Мне часто кажется, что эти люди, живущие в долине, актеры: они скрываются за выдуманными ролями, даже их собственная судьба воспринимается ими скорее как сага, как народное сказание, а не как их личное дело. Это заколдованные люди, люди, превращенные в птиц или в каких-то смешных зверей, — они живут в этом колдовском образе с тем же стоическим спокойствием, благородством и достоинством, которые нас, детей, восхищали в сказках о животных. Может быть, они с бессловесной тревогой животных подозревают, что если их лишить этой сказочной шкуры, то сказке конец, а с ней конец и их спокойной в своей уверенности, идущей от саг жизни. Тогда начнется обычная человеческая жизнь со всеми ее неприятностями, жизнь, может быть, даже в городе, где нет ни природы, ни миражей, где порваны связи с народными преданиями и прошлым, где не найдешь старых заросших горных тропинок, спускающихся к реке, бегущих по равнинам, не найдешь мест, знакомых по сагам; там их ждет только беспрерывная погоня за бесплодными наслаждениями, притупляющими ум.

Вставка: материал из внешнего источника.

(* Let $a<b$ with $[a,b]\subset[0,\infty)$, let $f,g:[a,b]\to\mathbb{R}$ be integrable with $0\le g(t)\le1$ for all $t\in[a,b]$ and such that $\int_a^b g(t)f'(t)\,dt$ exists. Suppose $f$ is absolutely continuous on $[a,b]$ and $|f'|^q$ is $s$-concave on $[a,b]$ for some fixed $s\in(0,1]$ and some $q>1$. Let $\lambda:=\int_a^b g(t)\,dt$. Then $$\left|\int_a^{a+\lambda} f(t)\,dt-\int_a^b f(t)g(t)\,dt\right|\le2^{(s-1)/q}\left[\lambda^2\left|f'\!\left(a+\tfrac{\lambda}{2}\right)\right|+(b-a-\lambda)^2\left|f'\!\left(\tfrac{a+b+\lambda}{2}\right)\right|\right],$$ and $$\left|\int_a^b f(t)g(t)\,dt-\int_{b-\lambda}^b f(t)\,dt\right|\le2^{(s-1)/q}\left[\lambda^2\left|f'\!\left(b-\tfrac{\lambda}{2}\right)\right|+(b-a-\lambda)^2\left|f'\!\left(\tfrac{a+b-\lambda}{2}\right)\right|\right].$$
   Context: For fixed $s\in(0,1]$, a function $h:I\to\mathbb{R}$ on an interval $I\subset[0,\infty)$ is $s$-concave (in the second sense) if $h(\alpha x+\beta y)\ge\alpha^s h(x)+\beta^s h(y)$ for all $x,y\in I$ and all $\alpha,\beta\ge0$ with $\alpha+\beta=1$. *)

From HB Require Import structures.
From mathcomp Require Import all_boot all_order all_algebra.
From mathcomp Require Import all_classical all_reals all_analysis.
Set Implicit Arguments. Unset Strict Implicit. Unset Printing Implicit Defensive.
Import Order.TTheory GRing.Theory Num.Theory.
Import numFieldNormedType.Exports.
Local Open Scope classical_set_scope.
Local Open Scope ring_scope.

Definition s_concave {R : realType} (s : R) (I : set R) (h : R -> R) : Prop :=
  forall x y : R, I x -> I y ->
  forall al be : R, 0 <= al -> 0 <= be -> al + be = 1 ->
    al `^ s * h x + be `^ s * h y <= h (al * x + be * y).

Definition abs_cont_on {R : realType} (a b : R) (f : R -> R) : Prop :=
  forall e : R, 0 < e -> exists2 d : R, 0 < d &
    forall (n : nat) (u v : nat -> R),
      (forall i, (i < n)%N -> a <= u i /\ u i <= v i /\ v i <= b) ->
      (forall i j, (i < j)%N -> (j < n)%N -> v i <= u j) ->
      \sum_(i < n) (v i - u i) < d ->
      \sum_(i < n) `|f (v i) - f (u i)| < e.

From HB Require Import structures.
From mathcomp Require Import all_boot all_order all_algebra.
From mathcomp Require Import all_classical all_reals all_analysis.
From mathcomp Require Import ring lra.
Import Order.TTheory GRing.Theory Num.Theory.
Import numFieldNormedType.Exports.
Local Open Scope classical_set_scope.
Local Open Scope ring_scope.
Set Implicit Arguments.
Unset Strict Implicit.
Unset Printing Implicit Defensive.

(* Put c := a + lam.  As the weight g has mass c - a on [a, b],
     int_a^c f - int_a^b f g = int_a^c (f - f c) (1 - g) - int_c^b (f - f c) g,
   and since 0 <= g <= 1 it suffices to bound |f t - f c| by a multiple of
   |t - c| on [a, c] and on [c, b]; integrating |t - c| then produces the
   factors (c - a)^2 / 2 and (b - c)^2 / 2.  On a piece [p, p'] of [a, b],
   s-concavity of |f'|^q at t and p + p' - t with weights 1/2, 1/2 gives
   |f' t| <= 2^(s/q) |f' ((p + p') / 2)|, and an absolutely continuous f whose
   derivative exists and is bounded by K off a null set is K-Lipschitz.  The
   constant comes from 2^(s/q) / 2 <= 2^((s-1)/q), as q >= 1.  The second
   inequality is the first one for the weight 1 - g and c := b - lam.

   The Lipschitz bound is proved by real induction along [x, y]: cover the
   null set by an open set U of small measure; outside U the derivative gives
   the local Lipschitz estimate, while the variation of f on the finitely many
   intervals spent inside U is small by absolute continuity. *)

Section RealLemmas.
Variable R : realType.
Notation mu := (@lebesgue_measure R).

Lemma real_induction (x y : R) (P : R -> Prop) : x <= y -> P x ->
  (forall T, x <= T <= y -> exists2 r : R, 0 < r &
    forall t T', x <= t <= T -> T - r < t -> P t ->
    T <= T' <= y -> T' < T + r -> P T') ->
  P y.
Proof.
move=> xy Px step.
pose S := [set t | x <= t <= y /\ P t].
have Sx : S x by split; rewrite ?lexx ?xy.
have Sy : ubound S y by move=> t [/andP[]].
have hS : has_sup S by split; [exists x | exists y].
have xT : x <= sup S by exact: sup_upper_bound.
have Ty : sup S <= y by apply: ge_sup => //; exists x.
have /step [r r0 hr] : x <= sup S <= y by rewrite xT.
have [t [/andP[xt ty] Pt] Tt] := sup_adherent r0 hS.
have tT : t <= sup S by apply: sup_upper_bound => //; split; rewrite ?xt.
have hr2 T' : sup S <= T' <= y -> T' < sup S + r -> P T'.
  by apply: (hr t) => //; rewrite xt.
have [yT|Ty'] := ltP y (sup S + r / 2); first by apply: hr2; lra.
have : S (sup S + r / 2) by split; [lra | apply: hr2; lra].
by move/(sup_upper_bound hS) => ?; exfalso; lra.
Qed.

Lemma is_derive_locally_lipschitz (f : R -> R) (t d K : R) :
  is_derive t 1 f d -> `|d| < K ->
  exists2 r : R, 0 < r & forall u, `|u - t| < r -> `|f u - f t| <= K * `|u - t|.
Proof.
move=> [fd <-] dK.
have dK0 : 0 < K - `|'D_1 f t| by rewrite subr_gt0.
have := @cvgr_dist_lt _ _ _ _ _ _ _ fd _ dK0; rewrite near_withinE near_simpl.
(* the hole discharges the [Filter 0^'] premise *)
move=> /(_ _) /nbhs_ballP [r /= r0 Hr]; exists r => // u ut.
have [->|u_neq_t] := eqVneq u t; first by rewrite !subrr normr0 mulr0.
have ut0 : u - t != 0 by rewrite subr_eq0.
have : ball 0 r (u - t) by rewrite /ball /= sub0r normrN.
move=> /Hr /(_ ut0); rewrite /= /GRing.scale /= mulr1 subrK => close.
have slope : `|(u - t)^-1 * (f u - f t)| <= K.
  rewrite -[_ * _](subrKC ('D_1 f t)) (le_trans (ler_normD _ _)) //.
  by rewrite addrC -lerBrDr distrC ltW.
have -> : f u - f t = (u - t) * ((u - t)^-1 * (f u - f t)).
  by rewrite mulrA mulfV // mul1r.
by rewrite normrM mulrC ler_wpM2r.
Qed.

Lemma lebesgue_null_open_cover (N : set R) (d : R) :
  measurable N -> mu N = 0%E -> 0 < d ->
  exists U : set R, [/\ open U, N `<=` U & (mu U < d%:E)%E].
Proof.
move=> mN N0 d0.
have Nfin : (mu N < +oo)%E by rewrite N0 ltry.
have [U [oU NU UNd]] := lebesgue_regularity_outer mN Nfin d0.
exists U; split => //.
have mU : measurable U := measurable_realfun.open_measurable oU.
rewrite (measureDI mu mU mN) (le_lt_trans _ UNd) // -[leRHS]adde0 leeD2l //.
by rewrite -N0 le_measure // inE; [exact: measurableI|].
Qed.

— Как ты надеешься, отец, — сказала я, когда пастор и строители церкви ушли, — прожить с сорока пятью овцами, когда знаешь, что одна овца дает тебе в год не больше, чем рабочий зарабатывает за день. Ну хорошо, сорок пять дней ты проживешь на это, но ведь остается еще триста двадцать дней.
— Мы живем, — ответил он, — мы живем.
— И всего две жалкие коровы, дающие так мало молока. Да и то каждая доится только полгода. В газетах пишут, что фермеру в Америке за день нужно скосить сто возов сена и накормить и выдоить сто двадцать коров.

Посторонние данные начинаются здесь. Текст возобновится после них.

(* Fix $n\ge 2$, a dictator agent $t\in\{1,\dots,n\}$ and a parameter $\varepsilon\in(0,\frac12)$, and let $g$ be any function assigning to each profile $\mathbf{x}\in\mathbb{R}^n$ a point $g(\mathbf{x})\in(-\infty,\,x_l-L)\cup(x_l+2L,\,+\infty)$, where $x_l=\min\mathbf{x}$, $x_r=\max\mathbf{x}$, $L=x_r-x_l$. Let $f$ be the mechanism that on $\mathbf{x}$ outputs $l_1=x_t$ and $$l_2=\begin{cases} x_t+\max\left\{\left(\tfrac{2}{\varepsilon}-2\right)(x_t-x_l),\; x_r-x_t\right\} & \text{if } x_t\in[x_l,\,x_l+\varepsilon L],\\[2pt] g(\mathbf{x}) & \text{if } x_t\in(x_l+\varepsilon L,\,x_l+(1-\varepsilon)L),\\[2pt] x_t-\max\left\{x_t-x_l,\; \left(\tfrac{2}{\varepsilon}-2\right)(x_r-x_t)\right\} & \text{if } x_t\in[x_l+(1-\varepsilon)L,\,x_r] \text{ and not in the first case}.\end{cases}$$ Then for every profile $\mathbf{x}\in\mathbb{R}^n$, $SC(f,\mathbf{x})\le\left(\frac{1}{\varepsilon}-1\right)(n-1)\,OPT(\mathbf{x})$.
   Context: Two-facility game on a line: agent $i$ has location $x_i\in\mathbb{R}$. For facility locations $\{l_1,l_2\}$, an agent at $y$ has cost $\min\{|l_1-y|,|l_2-y|\}$. $SC(f,\mathbf{x})$ is the sum over all agents of their costs under $f(\mathbf{x})$, and $OPT(\mathbf{x})=\min_{l_1,l_2\in\mathbb{R}}\sum_i\min\{|l_1-x_i|,|l_2-x_i|\}$. *)

From HB Require Import structures.
From mathcomp Require Import all_boot all_order all_algebra.
From mathcomp Require Import all_classical all_reals.
Set Implicit Arguments. Unset Strict Implicit. Unset Printing Implicit Defensive.
Import Order.TTheory GRing.Theory Num.Theory.
Local Open Scope ring_scope.
Local Open Scope classical_set_scope.

Section Defs.
Variable R : realType.

Definition agent_cost (l : R * R) (y : R) : R :=
  Num.min `|l.1 - y| `|l.2 - y|.

Definition cost (n : nat) (l : R * R) (x : 'I_n -> R) : R :=
  \sum_(i < n) agent_cost l (x i).

Definition SC (n : nat) (f : ('I_n -> R) -> R * R) (x : 'I_n -> R) : R :=
  cost (f x) x.

(* OPT(x) = min over l1 l2 in R of the social cost (as an infimum; it is attained) *)
Definition OPT (n : nat) (x : 'I_n -> R) : R :=
  inf (range (fun l : R * R => cost l x)).

(* x_l = min x, x_r = max x (seeded with the entry of some agent t, so the
   big operator ranges over a nonempty family) *)
Definition xmin (n : nat) (t : 'I_n) (x : 'I_n -> R) : R :=
  \big[Num.min/x t]_(i < n) x i.
Definition xmax (n : nat) (t : 'I_n) (x : 'I_n -> R) : R :=
  \big[Num.max/x t]_(i < n) x i.

Definition mech (n : nat) (t : 'I_n) (eps : R) (g : ('I_n -> R) -> R)
    (x : 'I_n -> R) : R * R :=
  let xl := xmin t x in
  let xr := xmax t x in
  let L := xr - xl in
  let xt := x t in
  (xt,
   if (xl <= xt) && (xt <= xl + eps * L) then
     xt + Num.max ((2 / eps - 2) * (xt - xl)) (xr - xt)
   else if (xl + eps * L < xt) && (xt < xl + (1 - eps) * L) then g x
   else xt - Num.max (xt - xl) ((2 / eps - 2) * (xr - xt))).

End Defs.

(* For every agent i, any two facilities cost at least
   c_i = min (x_i - x_l) (x_r - x_i): of the three agents at x_l, x_i, x_r,
   two share a facility.  With m = 1/eps - 1, every agent i is within
   m * max c_t c_i of a facility of the mechanism.  Near an endpoint, x_t
   serves the agents within m c_t of it and the second facility, at x_r or
   at distance 2 m c_t from x_t, serves the others.  In the middle both gaps
   of x_t exceed eps L, so L <= (m + 1) c_t and x_t alone serves every agent
   within L - c_t <= m c_t.  Summing over the n - 1 agents other than t
   bounds SC by m (n - 1) times the cost of any placement. *)

From HB Require Import structures.
From mathcomp Require Import all_boot all_order all_algebra.
From mathcomp Require Import all_classical all_reals.
From mathcomp Require Import lra.
Import Order.TTheory GRing.Theory Num.Theory.
Local Open Scope ring_scope.

Section TwoFacilities.
Variables (R : realType) (n : nat).
Implicit Types (l : R * R) (x : 'I_n -> R).

Lemma agent_costN (a b y : R) :
  agent_cost (- a, - b) (- y) = agent_cost (a, b) y.
Proof. by rewrite /agent_cost /= -!opprD !normrN. Qed.

Lemma agent_cost_ge0 l (y : R) : 0 <= agent_cost l y.
Proof. by rewrite le_min !normr_ge0. Qed.

(* Two of the three points share their nearest facility. *)
Lemma gap_le_agent_cost3 l (p q r : R) :
  p <= q -> q <= r ->
  Num.min (q - p) (r - q) <= agent_cost l p + agent_cost l q + agent_cost l r.
Proof.
case: l => a b pq qr; rewrite /agent_cost /= ge_min.
have bounds (z u : R) : - `|z - u| <= z - u <= `|z - u|.
  by rewrite -ler_norml lexx.
have [/andP[ap ap'] /andP[bp bp']] := (bounds a p, bounds b p).
have [/andP[aq aq'] /andP[bq bq']] := (bounds a q, bounds b q).
have [/andP[ar ar'] /andP[br br']] := (bounds a r, bounds b r).
by case: (leP `|a - p| `|b - p|); case: (leP `|a - q| `|b - q|);
  case: (leP `|a - r| `|b - r|) => *;
  first [apply/orP; left; lra | apply/orP; right; lra].
Qed.

Lemma cost_ge0 l x : 0 <= cost l x.
Proof. by apply: sumr_ge0 => i _; apply: agent_cost_ge0. Qed.

Lemma gap_le_cost l x (p q r : 'I_n) :
  x p <= x q -> x q <= x r -> Num.min (x q - x p) (x r - x q) <= cost l x.
Proof.
move=> pq qr.
have [gap_le0|] := lerP (Num.min (x q - x p) (x r - x q)) 0.
  exact: le_trans gap_le0 (cost_ge0 l x).
rewrite lt_min !subr_gt0 => /andP[pq' qr'].
have [p_q q_r p_r] : [/\ p != q, q != r & p != r].
  by split; apply/eqP=> e; move: pq' qr'; rewrite e; lra.
rewrite /cost (bigD1 p) // (bigD1 q) 1?eq_sym // (bigD1 r) /=; last first.
  by rewrite eq_sym p_r eq_sym q_r.
rewrite !addrA; apply: le_trans (gap_le_agent_cost3 l _ _ _ pq qr) _.
by rewrite lerDl sumr_ge0 // => i _; apply: agent_cost_ge0.
Qed.

Lemma agent_cost_fst l : agent_cost l l.1 = 0.
Proof. by rewrite /agent_cost subrr normr0 min_l. Qed.

Lemma xmin_le t x (i : 'I_n) : xmin t x <= x i.
Proof. exact: bigmin_le. Qed.

Lemma le_xmax t x (i : 'I_n) : x i <= xmax t x.
Proof. exact: le_bigmax. Qed.

Lemma xmin_attained t x : exists i, xmin t x = x i.
Proof.
apply: (big_ind (fun v => exists i, v = x i)) => [|_ _ [i ->] [j ->]|i _].
- by exists t.
- by case: leP; [exists i | exists j].
- by exists i.
Qed.

Lemma xmax_attained t x : exists i, xmax t x = x i.
Proof.
apply: (big_ind (fun v => exists i, v = x i)) => [|_ _ [i ->] [j ->]|i _].
- by exists t.
- by case: leP; [exists j | exists i].
- by exists i.
Qed.

Lemma extreme_gap_le_cost l t x (i : 'I_n) :
  Num.min (x i - xmin t x) (xmax t x - x i) <= cost l x.
Proof.
have := xmin_le t x i; have := le_xmax t x i.
have [il ->] := xmin_attained t x; have [ir ->] := xmax_attained t x.
by move=> i_ir il_i; apply: gap_le_cost.
Qed.

Lemma le_OPT x a : (forall l, a <= cost l x) -> a <= OPT x.
Proof.
move=> a_lb; apply: lb_le_inf => [|_ [l _ <-]]; last exact: a_lb.
by exists (cost (0, 0) x), (0, 0).
Qed.

Section Mechanism.
Variable eps : R.

Lemma ratio_gt1 : 0 < eps -> eps < 1 / 2 -> 1 < 1 / eps - 1.
Proof.
move=> eps_gt0 eps_lt_half.
have : 2 < 1 / eps by rewrite ltr_pdivlMr //; lra.
lra.
Qed.

Lemma ratio_mul_eps : 0 < eps -> (1 / eps - 1) * eps = 1 - eps.
Proof. by move=> eps_gt0; rewrite mulrBl mul1r mulVf ?mul1r // gt_eqF. Qed.

Lemma agent_cost_left_le (xl xr xt y c : R) :
  0 < eps -> eps < 1 / 2 ->
  xl <= xt -> xt <= xl + eps * (xr - xl) -> xl <= y <= xr ->
  Num.min (xt - xl) (xr - xt) <= c -> Num.min (y - xl) (xr - y) <= c ->
  agent_cost (xt, xt + Num.max ((2 / eps - 2) * (xt - xl)) (xr - xt)) y
    <= (1 / eps - 1) * c.
Proof.
move=> eps_gt0 eps_lt_half xl_xt xt_left /andP[xl_y y_xr] gap_t gap_y.
have m_gt1 := ratio_gt1 eps_gt0 eps_lt_half.
set m := 1 / eps - 1 in m_gt1 *.
have -> : 2 / eps - 2 = 2 * m by rewrite /m mulrBr mulr1 mulrA mulr1.
have eps_L : eps * (xr - xl) <= (xr - xl) / 2.
  have L_ge0 : 0 <= xr - xl by lra.
  by have := ler_wpM2r L_ge0 (ltW eps_lt_half); lra.
have d_le_c : xt - xl <= c by move: gap_t; rewrite ge_min => /orP[]; lra.
have c_ge0 : 0 <= c by lra.
have c_le_mc : c <= m * c.
  by have := ler_wpM2r c_ge0 (ltW m_gt1); rewrite mul1r.
have md_le_mc : m * (xt - xl) <= m * c by rewrite ler_pM2l; lra.
rewrite /agent_cost /= ge_min !ler_distl.
case: (leP (2 * m * (xt - xl)) (xr - xt)) => [kd_le | kd_gt].
  by move: gap_y; rewrite ge_min => /orP[] gap_y; apply/orP; [left | right]; lra.
by case: (lerP (y - xt) (m * (xt - xl))) => y_xt; apply/orP; [left | right]; lra.
Qed.

Lemma agent_cost_middle_le (xl xr xt y l2 c : R) :
  0 < eps -> eps < 1 / 2 ->
  xl + eps * (xr - xl) < xt -> xt < xl + (1 - eps) * (xr - xl) ->
  xl <= y <= xr -> Num.min (xt - xl) (xr - xt) <= c ->
  agent_cost (xt, l2) y <= (1 / eps - 1) * c.
Proof.
move=> eps_gt0 eps_lt_half xt_right xt_left /andP[xl_y y_xr] gap_t.
have m_gt1 := ratio_gt1 eps_gt0 eps_lt_half.
have m_eps := ratio_mul_eps eps_gt0.
set m := 1 / eps - 1 in m_gt1 m_eps *.
have m_ge0 : 0 <= m by lra.
have far_le mu : eps * (xr - xl) <= mu -> (xr - xl) - mu <= m * mu.
  by move=> mu_ge; have := ler_wpM2l m_ge0 mu_ge; rewrite mulrA m_eps; lra.
rewrite /agent_cost /= ge_min ler_distl; apply/orP; left.
move: gap_t; case: (leP (xt - xl) (xr - xt)) => [d_le | d_gt] mu_le_c;
  have := ler_wpM2l m_ge0 mu_le_c.
- by have := far_le (xt - xl) ltac:(lra); lra.
- by have := far_le (xr - xt) ltac:(lra); lra.
Qed.

Lemma agent_cost_right_le (xl xr xt y c : R) :
  0 < eps -> eps < 1 / 2 ->
  xl + (1 - eps) * (xr - xl) <= xt -> xt <= xr -> xl <= y <= xr ->
  Num.min (xt - xl) (xr - xt) <= c -> Num.min (y - xl) (xr - y) <= c ->
  agent_cost (xt, xt - Num.max (xt - xl) ((2 / eps - 2) * (xr - xt))) y
    <= (1 / eps - 1) * c.
Proof.
move=> eps_gt0 eps_lt_half xt_right xt_xr /andP[xl_y y_xr] gap_t gap_y.
(* The mirror image of the left case under y |-> - y. *)
rewrite -agent_costN.
have -> : - (xt - Num.max (xt - xl) ((2 / eps - 2) * (xr - xt)))
  = - xt + Num.max ((2 / eps - 2) * (- xt - - xr)) (- xl - - xt).
  by rewrite opprB addrC maxC; congr (_ + Num.max (_ * _) _); lra.
apply: (agent_cost_left_le (- xr) (- xl)) => //; try lra.
- by rewrite minC; move: gap_t; congr (Num.min _ _ <= _); lra.
- by rewrite minC; move: gap_y; congr (Num.min _ _ <= _); lra.
Qed.

Lemma agent_cost_mech_le t g x (i : 'I_n) c :
  0 < eps -> eps < 1 / 2 ->
  Num.min (x t - xmin t x) (xmax t x - x t) <= c ->
  Num.min (x i - xmin t x) (xmax t x - x i) <= c ->
  agent_cost (mech t eps g x) (x i) <= (1 / eps - 1) * c.
Proof.
move=> eps_gt0 eps_lt_half gap_t gap_i.
have [xl_xt xt_xr] := (xmin_le t x t, le_xmax t x t).
have xi_in : xmin t x <= x i <= xmax t x by rewrite xmin_le le_xmax.
rewrite /mech /=; case: ifP => [/andP[_ xt_left] | /negbT not_left].
  by apply: (agent_cost_left_le (xmin t x) (xmax t x)).
case: ifP => [/andP[xt_right xt_left] | /negbT not_middle].
  by apply: (agent_cost_middle_le (xmin t x) (xmax t x)).
apply: (agent_cost_right_le (xmin t x) (xmax t x)) => //.
move: not_left not_middle; rewrite xl_xt /= -!ltNge => xt_right.
by rewrite xt_right /= -leNgt.
Qed.

Lemma SC_mech_le_cost t g x l :
  0 < eps -> eps < 1 / 2 ->
  SC (mech t eps g) x <= (1 / eps - 1) * (n.-1)%:R * cost l x.
Proof.
move=> eps_gt0 eps_lt_half.
have agent_le i : agent_cost (mech t eps g x) (x i) <= (1 / eps - 1) * cost l x.
  by apply: agent_cost_mech_le => //; apply: extreme_gap_le_cost.
rewrite /SC {1}/cost (bigD1 t) //= (agent_cost_fst (mech t eps g x)) add0r.
apply: le_trans (ler_sum _ (fun i _ => agent_le i)) _.
by rewrite sumr_const cardC1 card_ord mulr_natr mulrnAl.
Qed.

End Mechanism.
End TwoFacilities.

Theorem theorem6 (R : realType) (n : nat) (t : 'I_n) (eps : R)
  (g : ('I_n -> R) -> R) :
  (2 <= n)%N ->
  0 < eps -> eps < 1 / 2 ->
  (forall x : 'I_n -> R,
     g x < xmin t x - (xmax t x - xmin t x) \/
     xmin t x + 2 * (xmax t x - xmin t x) < g x) ->
  forall x : 'I_n -> R,
    SC (mech t eps g) x <= (1 / eps - 1) * (n.-1)%:R * OPT x.
Proof.
(* The range of [g] is irrelevant to the ratio: in the middle case every
   agent is already served by [x t]. *)
move=> n_ge2 eps_gt0 eps_lt_half _ x.
have ratio_gt0 : 0 < (1 / eps - 1) * (n.-1)%:R.
  apply: mulr_gt0; first by have := ratio_gt1 _ _ eps_gt0 eps_lt_half; lra.
  by rewrite ltr0n -subn1 subn_gt0.
rewrite -ler_pdivrMl //; apply: le_OPT => l.
by rewrite ler_pdivrMl //; apply: SC_mech_le_cost.
Qed.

— Если верить газетам, то в Америке сорок миллионов человек будут разорваны на мелкие клочки в первый же день атомной войны. Сколько бы они ни надоили молока — оно им не поможет. Так что уж лучше жить в Эйстридале, лечь в сухую могилу и в неповрежденном виде восстать из мертвых у своей церкви.
— Неужели вы живете только затем, чтобы лечь в сухую могилу?
— Я знаю, что по законам арифметики и логики немыслимо жить в забытой богом долине, имея такое количество овец и две тощие коровы. Но мы все же живем. И вы, дети, жили здесь. У твоих сестер в далеких поселках растут здоровые ребятишки. И тот, кого ты носишь во чреве своем, дочка, тоже будет жить. Мы говорим ему «добро пожаловать!» наперекор арифметике и логике. Здесь люди будут по-прежнему жить, имея всего одну корову и несколько овец, дитя мое, и тогда, когда Париж, Лондон и Рим превратятся в поросшие мхом развалины.
— Как бы там ни обстояло дело с атомной бомбой, дорогой отец, я считаю, что тебе следовало бы продать одного жеребца и построить уборную.
— Я знаю, у них на Юге есть уборные, но нам они ни к чему. У нас есть природа. Если смотреть на человеческую жизнь проще, то природа — лучшая уборная. А кони, детка, пусть гуляют в горах.
— Мне рассказывали на Юге, что ты, дорогой отец, веришь в божественность этих лошадей, живущих на подножном корму.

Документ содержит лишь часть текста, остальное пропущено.